简体   繁体   English

使用正则表达式从给定目录中提取文件名

[英]Extract file names from a given directory with regex

I am pretty weak in regex.我在正则表达式方面很弱。 I'm looking for some help with how to extract the .sav file name from the following string:我正在寻找有关如何从以下字符串中提取.sav文件名的帮助:

C:\\Users...\\Standard Loadflows Seq and Dyn PSSEv34 - 2019-02-20\\AutumnHi-20180531-183047-34-SystemNormal\\AutumnHi-20180531-183047-34-SystemNormal.sav C:\\Users...\\Standard Loadflows Seq 和 Dyn PSSEv34 - 2019-02-20\\AutumnHi-20180531-183047-34-SystemNormal\\AutumnHi-20180531-183047-34-SystemNormal.sav

Currently I am using this code:目前我正在使用此代码:

re.findall(r'\\(.+).sav',txt)

but it only finds但它只能找到

['Users\\...\\Standard Loadflows Seq and Dyn PSSEv34 - 2019-02-20\\AutumnHi-20180531-183047-34-SystemNormal\AutumnHi-20180531-183047-34-SystemNormal.sav was']

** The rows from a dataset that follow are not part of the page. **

Lemma algo_step_inv acc (i m l : nat) :
  (0 < l)%N -> (l <= dO)%N -> history_inv acc ->
  col_tail_le acc.1 (inord i) (inord m) l.+1 ->
  history_inv (algo_step acc (i, m, l)) /\
  col_tail_le (algo_step acc (i, m, l)).1 (inord i) (inord m) l.
Proof.
case: acc => p hist l_gt0 l_le inv /=.
have p_sorted := history_inv_sorted inv.
case: inv => dom [s [/= hist_eq last_eq path_s sorted_hist]] tail.
rewrite /algo_step; set i' : 'I_dR.+1 := inord i; set m' : 'I_dR.+1 := inord m.
set l' : 'I_dO.+1 := inord l.
have vl : nat_of_ord l' = l by rewrite inordK.
have l'0 : l' != ord0 by rewrite -val_eqE /= vl -lt0n.
case: ifP => [swap_cond | /negbT no_swap] /=; last first.
  split; first by split=> //; exists s.
  move=> b; rewrite leq_eqVlt => /predU1P[lb|]; last exact: tail.
  have -> : b = l' by apply/val_inj; rewrite /= vl.
  by rewrite leNgt.
rewrite -vl in tail *; split; last exact: swap_state_below.
split; first exact: swap_dominated.
exists (rcons s (swap_state p i' l' m')); split.
- by rewrite hist_eq.
- exact: last_rcons.
- by rewrite rcons_path path_s last_eq swap_improves.
- by rewrite all_rcons sorted_hist swap_state_col_sorted.
Qed.

Lemma inner_loop_inv (i m k : nat) acc : (k <= dO)%N -> history_inv acc ->
  col_tail_le acc.1 (inord i) (inord m) k.+1 ->
  history_inv (foldl (@algo_step R dO dR) acc
                     [seq (i, m, l) | l <- rev (iota 1 k)]).
Proof.
elim: k acc => [//|k IH] acc k_le inv tail.
have -> : iota 1 k.+1 = rcons (iota 1 k) k.+1.
  by rewrite -cats1 -{1}[k.+1]addn1 iotaD add1n.
rewrite rev_rcons /=.
have [inv' tail'] := algo_step_inv (ltn0Sn k) k_le inv tail.
exact: IH (ltnW k_le) inv' tail'.
Qed.

Lemma swap_history_inv :
  history_inv (foldl (@algo_step R dO dR) (p0, [:: p0]) (loop_indices dO dR)).
Proof.
have inv0 : history_inv (p0, [:: p0]).
  by split=> //; exists [::]; rewrite /= p0_sorted.
rewrite /loop_indices foldl_flatten.
apply: foldl_ind inv0 _ => acc _ /mapP[i _ ->] inv; rewrite foldl_flatten.
apply: foldl_ind inv _ => acc' _ /mapP[m _ ->] inv'.
apply: inner_loop_inv (leqnn dO) inv' _ => b.
by rewrite leqNgt ltn_ord.
Qed.

End History.

Section InitialState.
Variables (R : realType) (dO dR : nat).

Lemma gibbs_ge0 beta (lam : 'I_dR.+1 -> R) m : 0 <= gibbs beta lam m.
Proof. by rewrite divr_ge0 ?expR_ge0 ?sumr_ge0 // => k _; apply: expR_ge0. Qed.

Lemma gibbs_antimono beta (lam : 'I_dR.+1 -> R) :
  0 <= beta -> {homo lam : a b / (a <= b)%N >-> a <= b} ->
  {homo gibbs beta lam : a b / (a <= b)%N >-> b <= a}.
Proof.
move=> beta_ge0 lam_mono a b ab.
have Z_ge0 : 0 <= \sum_(k < dR.+1) expR (- beta * lam k).
  by apply: sumr_ge0 => k _; apply: expR_ge0.
by rewrite ler_wpM2r ?invr_ge0 // ler_expR !mulNr lerN2 ler_wpM2l // lam_mono.
Qed.

Variables (o : 'I_dO.+1 -> R) (r : 'I_dR.+1 -> R).
Hypothesis o_anti : {homo o : a b / (a <= b)%N >-> b <= a}.
Hypothesis r_ge0 : forall m, 0 <= r m.

Lemma prod_state_col_sorted : col_sorted (prod_state o r).
Proof. by apply/col_sortedP => a b k ab; rewrite ler_wpM2r // o_anti. Qed.

Lemma prod_state_top (o_ge0 : forall l, 0 <= o l)
    (r_anti : {homo r : a b / (a <= b)%N >-> b <= a}) l (m i : 'I_dR.+1) :
  (i <= m)%N -> prod_state o r l m <= prod_state o r ord0 i.
Proof.
move=> im; apply: (@le_trans _ _ (o ord0 * r m)).
  by rewrite ler_wpM2r // o_anti.
by rewrite ler_wpM2l // r_anti.
Qed.

End InitialState.

Theorem lemma4 (R : realType) (dO dR : nat)
  (lam : 'I_dR.+1 -> R) (beta : R) (o : 'I_dO.+1 -> R)
  (hlam : forall a b : 'I_dR.+1, (a <= b)%N -> lam a <= lam b)
  (hbeta : 0 < beta)
  (ho_nonneg : forall l, 0 <= o l)
  (ho_sum : \sum_(l < dO.+1) o l = 1)
  (ho_dec : forall a b : 'I_dO.+1, (a <= b)%N -> o b <= o a) :
  let r := gibbs beta lam in
  let hist := swap_history (prod_state o r) in
  (forall j : nat, (j.+1 < size hist)%N ->
     delta o r (nth (prod_state o r) hist j.+1)
       <= delta o r (nth (prod_state o r) hist j)) /\
  (forall j : nat, (j.+1 < size hist)%N ->
     heat lam r (nth (prod_state o r) hist j)
       <= heat lam r (nth (prod_state o r) hist j.+1)) /\
  (forall j : nat, (j < size hist)%N ->
     passive_diag (nth (prod_state o r) hist j)).
Proof.
move=> r hist.
have r_ge0 := gibbs_ge0 beta lam.
have r_anti := gibbs_antimono (ltW hbeta) hlam.
have [_ [s [hist_eq _ /(pathP (prod_state o r)) improving sorted_hist]]] :=
  swap_history_inv r hlam (prod_state_col_sorted ho_dec r_ge0)
    (prod_state_top ho_dec r_ge0 ho_nonneg r_anti).
rewrite -/(swap_history _) -/hist in hist_eq sorted_hist.
rewrite hist_eq in sorted_hist *; split; [|split] => j j_lt.
- by have /andP[+ _] := improving j j_lt; rewrite /delta lerD2l lerN2.
- by have /andP[_ +] := improving j j_lt.
- exact/col_sorted_passive/(all_nthP _ sorted_hist).
Qed.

I'm trying to find "AutumnHi-20180531-183047-34-SystemNormal.sav"我试图找到"AutumnHi-20180531-183047-34-SystemNormal.sav"

I am using Python 3.7.我正在使用 Python 3.7。

You could match a backslash and then capture in a group matching not a backslash using a negated character class.您可以匹配反斜杠,然后使用否定字符类在不匹配反斜杠的组中捕获。 Then match a dot and sav.然后匹配一个点并保存。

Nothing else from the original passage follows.